[Date Prev][Date Next][Thread Prev][Thread Next][Date Index][Thread Index]

Re: computer-go: Sharing Go modules - ready for download



Patrick Stiegeler <stiegele@xxxxxxxxxxxxxxxxx> wrote:
a propos pattern matcher: i intend to write one, too. but i'm still
thinking about what data structures to use to speed up search. would
you tell me, which ones you use and how many comparisons you need to
identify all patterns (out of a set of interesting ones) that are
on the board?
the question is also open for the rest of the group: does
anyone know about such 2 dimensional pattern matching algorithms
that need nearly as little as possible comparisons?
The tree approach others have mentioned seems like a good place to start. It will use practically the minimum possible comparisons, but it may require impossible amounts of space if you are unlucky.

If you have few rules, or the rules all have the same shape and each rule has at most a couple don't-care conditions, then a tree will work.

At the other extreme, here is a bad case that cannot be handled with a tree, on account of having don't-care conditions heavily and uniformly spread throughout the rules.

Suppose you have 10,000 rules, R1 through R10000. Each rule involves 15 random predicates or their negations out of a set of 52 predicates, labeled A-Z and a-z. For example:

If A,C,G,g,p,r, and u are false, and D,F,H,f,h,m,s, and y are true, then rule P5332 is satisfied.

Since the predicates in the rules are randomly distributed, it hardly matters which predicate you use to start your binary search with. You could just as well use alphabetical order:

#1 Is A true? If yes, go to #2. If no, go to #55223423321.
#2 Is B true? If yes, go to #3. If no, go to #25234234323.
...
#99442343132 Rule 5332 is satisfied.

After answering at most 52 questions, and probably a little fewer, you will know which rules have been satisfied. The problem is that even if you merge common subtrees, this will only help trim a few nodes at the bottom of the tree. Further from the leaves -- after 40 questions, for example -- there will be essentially no common subtrees, meaning the tree will have spread out to 2**40 different nodes, which is impractical.

If it were possible, I would like to be very greedy in my mostly imaginary go program, dynamically storing as many patterns as RAM permits, which ought to be millions. Unfortunately, efficient rule insertion and rule search may not be possible at that scale, if the rule shapes may vary endlessly.

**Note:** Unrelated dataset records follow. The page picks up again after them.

(* If $G$ is a $t$-clique-sum of graphs $G_1$ and $G_2$ and $r\in\mathbb{N}$, then $\xi_{[r]}(G)=\max\{\xi_{[r]}(G_1),\xi_{[r]}(G_2)\}$.
   Context: A $t$-clique-sum of $G_1$ and $G_2$ is the graph $G=G_1\cup G_2$ (vertex and edge sets the unions) where $G_1$ and $G_2$ intersect exactly in a complete graph $K_t$ (i.e. $V(G_1)\cap V(G_2)$ has $t$ vertices, pairwise adjacent in both, and $G_1,G_2$ are induced subgraphs of $G$). A $(d;r)$ orthogonal subspace representation of $G$ is a family $\{S_u\}_{u\in V(G)}$ of $r$-dimensional subspaces of $\mathbb{C}^d$ with $S_u\perp S_v$ whenever $uv\in E(G)$; $\xi_{[r]}(G)$ is the least $d$ for which one exists. *)

From HB Require Import structures.
From mathcomp Require Import all_boot all_order all_algebra.
From Stdlib Require Import ClassicalEpsilon.
Set Implicit Arguments. Unset Strict Implicit. Unset Printing Implicit Defensive.
Import Order.TTheory GRing.Theory Num.Theory.
Local Open Scope ring_scope.

Definition simple_graph (V : finType) (e : rel V) : Prop :=
  symmetric e /\ irreflexive e.

Definition mx_orth (C : numClosedFieldType) (r d : nat) (A B : 'M[C]_(r, d)) : Prop :=
  A *m (map_mx (@Num.conj C) B)^T = 0.

(* (d;r) orthogonal subspace representation: each vertex u gets an
   r-dimensional subspace S_u of C^d (the row space of a rank-r r x d
   matrix), with S_u ⟂ S_v for every edge uv. *)
Definition orth_subspace_rep (C : numClosedFieldType) (V : finType) (e : rel V)
    (d r : nat) : Prop :=
  exists S : V -> 'M[C]_(r, d),
    (forall u, \rank (S u) = r) /\
    (forall u v, e u v -> mx_orth (S u) (S v)).

Definition xi_r (C : numClosedFieldType) (V : finType) (e : rel V) (r : nat) : nat :=
  epsilon (inhabits 0%N)
    (fun d => orth_subspace_rep C e d r /\
              forall d', orth_subspace_rep C e d' r -> (d <= d')%N).

Definition induced (T : finType) (e : rel T) (A : {set T}) : rel {x : T | x \in A} :=
  fun x y => e (val x) (val y).
Arguments induced {T} e A.

Definition clique_sum (T : finType) (e : rel T) (V1 V2 : {set T}) (t : nat) : Prop :=
  V1 :|: V2 = setT /\
  #|V1 :&: V2| = t /\
  (forall x y, x \in V1 :&: V2 -> y \in V1 :&: V2 -> x != y -> e x y) /\
  (forall x y, e x y -> (x \in V1) && (y \in V1) || (x \in V2) && (y \in V2)).

From HB Require Import structures.
From mathcomp Require Import all_boot all_order all_algebra.
From mathcomp Require Import sesquilinear spectral.
From Stdlib Require Import ClassicalEpsilon.
Set Implicit Arguments. Unset Strict Implicit. Unset Printing Implicit Defensive.
Import Order.TTheory GRing.Theory Num.Theory.
Local Open Scope ring_scope.
Local Open Scope sesquilinear_scope.

(* A representation of G restricts to representations of G1 and G2, which gives
   the inequality >=.  Conversely, pad representations of G1 and G2 with zero
   coordinates to a common dimension d.  On the clique K = V1 :&: V2 both assign
   pairwise orthogonal r-dimensional subspaces; stacking orthonormal bases of
   them gives two matrices with orthonormal rows, so some unitary U of C^d
   carries the second family onto the first.  Moving every subspace of the
   second representation by U preserves its orthogonalities, agrees with the
   first one on K, and every edge of G between V1 and V2 :\: V1 ends in K, so
   the two representations glue into one of G. *)

Section UnitaryTransport.
Variable C : numClosedFieldType.

Local Notation "A ^!" := (orthomx Num.conj (hermitian1mx _) A) : matrix_set_scope.

Lemma trmxC_mul m n p (A : 'M[C]_(m, n)) (B : 'M[C]_(n, p)) :
  (A *m B)^t* = B^t* *m A^t*.
Proof. by rewrite trmx_mul map_mxM. Qed.

Lemma orth_sym m p n (A : 'M[C]_(m, n)) (B : 'M[C]_(p, n)) :
  A *m B^t* = 0 -> B *m A^t* = 0.
Proof. by move=> AB; rewrite -[B]trmxCK -trmxC_mul AB trmx0 map_mx0. Qed.

Lemma orth_submx m m' p p' n (A : 'M[C]_(m, n)) (A' : 'M[C]_(m', n))
    (B : 'M[C]_(p, n)) (B' : 'M[C]_(p', n)) :
  (A <= A')%MS -> (B <= B')%MS -> A' *m B'^t* = 0 -> A *m B^t* = 0.
Proof.
move=> /submxP[D ->] /submxP[E ->] A'B'.
by rewrite trmxC_mul mulmxA -(mulmxA D) A'B' mulmx0 mul0mx.
Qed.

Lemma schmidt_eqmx m n (A : 'M[C]_(m, n)) : \rank A = m -> (schmidt A :=: A)%MS.
Proof. by move=> rkA; apply: eqmx_schmidt_free; rewrite /row_free rkA. Qed.

Lemma unitary_mulmx_orth m p d (U : 'M[C]_d)
    (A : 'M[C]_(m, d)) (B : 'M[C]_(p, d)) :
  U \is unitarymx -> (A *m U) *m (B *m U)^t* = A *m B^t*.
Proof.
by move=> /unitarymxP UU; rewrite trmxC_mul mulmxA -(mulmxA A) UU mulmx1.
Qed.

Lemma col_mx_unitary m1 m2 n (A : 'M[C]_(m1, n)) (B : 'M[C]_(m2, n)) :
  A \is unitarymx -> B \is unitarymx -> A *m B^t* = 0 ->
  col_mx A B \is unitarymx.
Proof.
move=> /unitarymxP AA /unitarymxP BB AB; apply/unitarymxP.
rewrite tr_col_mx map_row_mx mul_col_row AA BB AB (orth_sym AB).
by rewrite -scalar_mx_block.
Qed.

Lemma unitary_complement m d (X : 'M[C]_(m, d)) : X \is unitarymx ->
  exists2 P : 'M[C]_(d - m, d), P \is unitarymx & X *m P^t* = 0.
Proof.
move=> Xu.
have rkO : \rank X^!%MS = (d - m)%N by rewrite rank_ortho mxrank_unitary.
rewrite -rkO; exists (schmidt (row_base X^!%MS)).
  by rewrite schmidt_unitarymx ?rank_leq_col.
apply/orthomx1P; rewrite orthomx_sym.
by rewrite eqmx_schmidt_free ?row_base_free // eq_row_base.
Qed.

Lemma unitary_extension m d (X Y : 'M[C]_(m, d)) :
  X \is unitarymx -> Y \is unitarymx ->
  exists2 U : 'M[C]_d, U \is unitarymx & X *m U = Y.
Proof.
move=> Xu Yu; have md : (m <= d)%N by rewrite -(mxrank_unitary Xu) rank_leq_col.
have [P Pu XP] := unitary_complement Xu; have [Q Qu YQ] := unitary_complement Yu.
(* Complete [X] and [Y] to square unitaries; [U] maps the first to the second. *)
have EXu := col_mx_unitary Xu Pu XP; have EYu := col_mx_unitary Yu Qu YQ.
exists ((col_mx X P)^t* *m col_mx Y Q).
  apply/unitarymxP; rewrite trmxC_mul trmxCK mulmxA mulmxtVK //.
  by rewrite -[_^t*]mul1mx mulmxKtV ?subnKC.
have : col_mx X P *m ((col_mx X P)^t* *m col_mx Y Q) = col_mx Y Q.
  by rewrite mulmxA (unitarymxP EXu) mul1mx.
by rewrite mul_col_mx => /eq_col_mx[].
Qed.

Section Families.
Variables (I : finType) (r d : nat).
Implicit Types B S : I -> 'M[C]_(r, d).

Definition orthogonal_family S := forall i j, i != j -> S i *m (S j)^t* = 0.

Definition orthonormal_family B :=
  (forall i, B i \is unitarymx) /\ orthogonal_family B.

(* Row [enum_rank (a, i)] of [stackmx B] is row [a] of [B i]. *)
Definition stackmx B : 'M[C]_(#|{: 'I_r * I}|, d) :=
  \matrix_(k, j) B (enum_val k).2 (enum_val k).1 j.

Lemma stackmxM B (U : 'M[C]_d) : stackmx B *m U = stackmx (fun i => B i *m U).
Proof.
by apply/matrixP => k j; rewrite !mxE; apply: eq_bigr => l _; rewrite mxE.
Qed.

Lemma stackmx_inj B B' : stackmx B = stackmx B' -> forall i, B i = B' i.
Proof.
move=> eqB i; apply/matrixP => a j.
have := congr1 (fun M : 'M[C]_(_, d) => M (enum_rank (a, i)) j) eqB.
by rewrite !mxE enum_rankK.
Qed.

Lemma stackmx_gram B a i a' i' :
  (stackmx B *m (stackmx B)^t*) (enum_rank (a, i)) (enum_rank (a', i')) =
  (B i *m (B i')^t*) a a'.
Proof. by rewrite !mxE; apply: eq_bigr => j _; rewrite !mxE !enum_rankK. Qed.

Lemma stackmx_unitaryE B : stackmx B \is unitarymx <-> orthonormal_family B.
Proof.
have gram_rank a i a' i' : (1%:M : 'M[C]_#|{: 'I_r * I}|)
    (enum_rank (a, i)) (enum_rank (a', i')) = ((a == a') && (i == i'))%:R.
  by rewrite mxE (inj_eq enum_rank_inj) xpair_eqE.
split=> [/unitarymxP BB | [Bu Bo]].
  split=> [i | i i' ii']; [apply/unitarymxP | ]; apply/matrixP => a a';
    rewrite -stackmx_gram BB gram_rank.
    by rewrite eqxx andbT mxE.
  by rewrite (negbTE ii') andbF mxE.
apply/unitarymxP/matrixP => k l.
rewrite -(enum_valK k) -(enum_valK l).
case: (enum_val k) => a i; case: (enum_val l) => a' i'.
rewrite stackmx_gram gram_rank; case: (eqVneq i i') => [<- | ii'].
  by rewrite (unitarymxP (Bu i)) mxE andbT.
by rewrite Bo // mxE andbF.
Qed.

Lemma orthonormal_family_transport B1 B2 :
  orthonormal_family B1 -> orthonormal_family B2 ->
  exists2 U : 'M[C]_d, U \is unitarymx & forall i, B2 i *m U = B1 i.
Proof.
move=> /stackmx_unitaryE B1u /stackmx_unitaryE B2u.
have [U Uu] := unitary_extension B2u B1u.
by rewrite stackmxM => /stackmx_inj; exists U.
Qed.

Lemma schmidt_orthonormal_family S :
  (forall i, \rank (S i) = r) -> orthogonal_family S ->
  orthonormal_family (fun i => schmidt (S i)).
Proof.
move=> rkS So; split=> [i | i j ij].
  by rewrite schmidt_unitarymx // -{1}(rkS i) rank_leq_col.
by apply: (orth_submx _ _ (So i j ij)); rewrite schmidt_eqmx.
Qed.

Lemma orthogonal_family_transport S1 S2 :
  (forall i, \rank (S1 i) = r) -> orthogonal_family S1 ->
  (forall i, \rank (S2 i) = r) -> orthogonal_family S2 ->
  exists2 U : 'M[C]_d, U \is unitarymx & forall i, (S2 i *m U :=: S1 i)%MS.
Proof.
move=> rk1 o1 rk2 o2.
have [U Uu BU] := orthonormal_family_transport (schmidt_orthonormal_family rk1 o1)
  (schmidt_orthonormal_family rk2 o2).
exists U => // i.
apply: eqmx_trans (eqmxMr U (eqmx_sym (schmidt_eqmx (rk2 i)))) _.
by rewrite BU; apply: schmidt_eqmx.
Qed.

End Families.
End UnitaryTransport.

Section Representations.
Variable C : numClosedFieldType.

Lemma mx_orthE r d (A B : 'M[C]_(r, d)) : mx_orth A B = (A *m B^t* = 0).
Proof. by rewrite /mx_orth map_trmx. Qed.

Lemma orth_subspace_rep_exists (T : finType) (e : rel T) r :
  irreflexive e -> exists d, orth_subspace_rep C e d r.
Proof.
move=> irr; pose E u : 'M[C]_(r, #|{: 'I_r * T}|) :=
  \matrix_(a, j) (j == enum_rank (a, u))%:R.
have [Eu Eo] : orthonormal_family E.
  apply/stackmx_unitaryE; apply/unitarymxP.
  have -> : stackmx E = 1%:M.
    by apply/matrixP => k j; rewrite !mxE -surjective_pairing enum_valK eq_sym.
  by rewrite trmx1 map_mx1 mulmx1.
exists #|{: 'I_r * T}|, E; split=> [u | u v uv]; first exact: mxrank_unitary.
by rewrite mx_orthE Eo //; apply: contraTneq uv => ->; rewrite irr.
Qed.

Lemma orth_subspace_rep_widen (T : finType) (e : rel T) r d d' :
  (d <= d')%N -> orth_subspace_rep C e d r -> orth_subspace_rep C e d' r.
Proof.
move=> le_dd' [S [rkS So]]; rewrite -(subnKC le_dd').
exists (fun u => row_mx (S u) (0 : 'M[C]_(r, d' - d))).
split=> [u | u v uv]; first by rewrite rank_row_mx0 rkS.
have := So u v uv; rewrite !mx_orthE => SuSv.
by rewrite tr_row_mx map_col_mx mul_row_col trmx0 map_mx0 mulmx0 addr0.
Qed.

Lemma orth_subspace_rep_induced (T : finType) (e : rel T) (A : {set T}) r d :
  orth_subspace_rep C e d r -> orth_subspace_rep C (induced e A) d r.
Proof.
by move=> [S [rkS So]]; exists (fun x => S (val x)); split=> // x y /So.
Qed.

Definition orth_rep_on (T : finType) (e : rel T) (A : {set T}) r d
    (S : T -> 'M[C]_(r, d)) :=
  (forall x, x \in A -> \rank (S x) = r) /\
  (forall x y, x \in A -> y \in A -> e x y -> S x *m (S y)^t* = 0).

Lemma orth_rep_onS (T : finType) (e : rel T) (A B : {set T}) r d S :
  A \subset B -> @orth_rep_on T e B r d S -> orth_rep_on e A S.
Proof.
move=> /subsetP AB [rkS So].
by split=> [x /AB | x y /AB xB /AB yB]; [apply: rkS | apply: So].
Qed.

Lemma induced_rep_extend (T : finType) (e : rel T) (A : {set T}) r d :
  orth_subspace_rep C (induced e A) d r ->
  exists S : T -> 'M[C]_(r, d), orth_rep_on e A S.
Proof.
move=> [S [rkS So]]; exists (fun x => if insub x is Some y then S y else 0).
split=> [x xA | x y xA yA xy]; rewrite ?insubT //.
by rewrite -mx_orthE; apply: So.
Qed.

Lemma clique_transport (T : finType) (e : rel T) (K : {set T}) r d
    (S1 S2 : T -> 'M[C]_(r, d)) :
  (forall x y, x \in K -> y \in K -> x != y -> e x y) ->
  orth_rep_on e K S1 -> orth_rep_on e K S2 ->
  exists2 U : 'M[C]_d, U \is unitarymx &
    forall x, x \in K -> (S2 x *m U :=: S1 x)%MS.
Proof.
move=> clK [rk1 o1] [rk2 o2].
pose restrict (S : T -> 'M[C]_(r, d)) (x : {x | x \in K}) := S (val x).
have orth_restrict S : (forall x y, x \in K -> y \in K -> e x y ->
    S x *m (S y)^t* = 0) -> orthogonal_family (restrict S).
  move=> So x y xy; apply: So; rewrite ?(valP x) ?(valP y) //.
  by apply: clK; rewrite ?(valP x) ?(valP y) ?(inj_eq val_inj).
have [U Uu SU] := orthogonal_family_transport
  (fun x => rk1 _ (valP x)) (orth_restrict _ o1)
  (fun x => rk2 _ (valP x)) (orth_restrict _ o2).
by exists U => // x xK; apply: (SU (Sub x xK)).
Qed.

Lemma clique_sum_rep (T : finType) (e : rel T) (V1 V2 : {set T}) t r d :
  symmetric e -> clique_sum e V1 V2 t ->
  orth_subspace_rep C (induced e V1) d r ->
  orth_subspace_rep C (induced e V2) d r -> orth_subspace_rep C e d r.
Proof.
move=> sym_e [cover [_ [clique edges]]].
move=> /induced_rep_extend[S1 rep1] /induced_rep_extend[S2 rep2].
have [U Uu S2U] := clique_transport clique
  (orth_rep_onS (subsetIl V1 V2) rep1) (orth_rep_onS (subsetIr V1 V2) rep2).
case: rep1 rep2 => [rk1 o1] [rk2 o2].
have notV1 x : x \notin V1 -> x \in V2.
  move=> xV1; have : x \in V1 :|: V2 by rewrite cover inE.
  by rewrite inE (negbTE xV1).
have edge_out x y : x \in V1 -> y \notin V1 -> e x y -> x \in V1 :&: V2.
  move=> xV1 yV1 xy; rewrite inE xV1.
  by case/orP: (edges _ _ xy) => /andP[] // _; rewrite (negbTE yV1).
have cross x y : x \in V1 -> y \notin V1 -> e x y ->
    S1 x *m (S2 y *m U)^t* = 0.
  move=> xV1 yV1 xy; have xK := edge_out _ _ xV1 yV1 xy.
  have S1_sub : (S1 x <= S2 x *m U)%MS by rewrite (S2U x xK).
  apply: (orth_submx S1_sub (submx_refl _)).
  rewrite unitary_mulmx_orth //; apply: o2 (notV1 _ yV1) xy.
  by case/setIP: xK.
exists (fun x => if x \in V1 then S1 x else S2 x *m U); split=> [x | x y xy].
  case: ifPn => [/rk1 // | /notV1/rk2 rkS2].
  by rewrite mxrankMfree // /row_free mxrank_unitary.
rewrite mx_orthE; case: ifPn => xV1; case: ifPn => yV1.
- exact: o1.
- exact: cross.
- by apply: orth_sym; apply: cross; rewrite // sym_e.
- by rewrite unitary_mulmx_orth //; apply: o2; rewrite ?notV1.
Qed.

Lemma xi_rP (T : finType) (e : rel T) r d0 :
  orth_subspace_rep C e d0 r ->
  orth_subspace_rep C e (xi_r C e r) r /\
  forall d, orth_subspace_rep C e d r -> (xi_r C e r <= d)%N.
Proof.
move=> rep0; apply: (epsilon_spec (inhabits 0%N) (fun d =>
  orth_subspace_rep C e d r /\
  forall d', orth_subspace_rep C e d' r -> (d <= d')%N)).
(* [ex_minn] needs a boolean predicate, decided here by excluded middle. *)
pose P n := if excluded_middle_informative (orth_subspace_rep C e n r)
  then true else false.
have PP n : P n <-> orth_subspace_rep C e n r.
  by rewrite /P; case: excluded_middle_informative.
have exP : exists n, P n by exists d0; apply/PP.
exists (ex_minn exP); case: ex_minnP => m /PP Pm m_min.
by split=> // d /PP; apply: m_min.
Qed.

End Representations.

Theorem mainTheorem14 (C : numClosedFieldType) (T : finType) (e : rel T)
    (V1 V2 : {set T}) (t r : nat) :
  simple_graph e ->
  clique_sum e V1 V2 t ->
  xi_r C e r = maxn (xi_r C (induced e V1) r) (xi_r C (induced e V2) r).
Proof.
move=> [sym_e irr_e] cs.
have [d0 rep0] := orth_subspace_rep_exists C r irr_e.
have [repG minG] := xi_rP rep0.
have [rep1 min1] := xi_rP (orth_subspace_rep_induced V1 repG).
have [rep2 min2] := xi_rP (orth_subspace_rep_induced V2 repG).
apply/anti_leq/andP; split.
  apply: minG; apply: (clique_sum_rep sym_e cs).
    by apply: orth_subspace_rep_widen rep1; rewrite leq_maxl.
  by apply: orth_subspace_rep_widen rep2; rewrite leq_maxr.
by rewrite geq_max min1 ?min2 //; apply: orth_subspace_rep_induced.
Qed.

I am not so familiar with the "Match a single document/go board against many rules/queries" case discussed here, but I am familiar with its inverse, the "Match a single rule/query against many documents" case that boolean text search involves. In the latter case, full-generality logarithmic performance is a pipe dream. My suspicion is that the same is true in the former case.

A straightforward compromise that will give good insertion times and compact storage, and may give decent lookup times, is to dynamically maintain a list (perhaps a hash table, in practice) of all distinct rule shapes, and to use binary search (or trinary search for white-black-vacant) within each shape. This assumes that all rules have few or no don't-care squares within the rule shape. This approach may be much faster than attempting explicit matches against every possible rule in sequence, since the number of comparisons varies with the number of different rule shapes, instead of the number of different rules.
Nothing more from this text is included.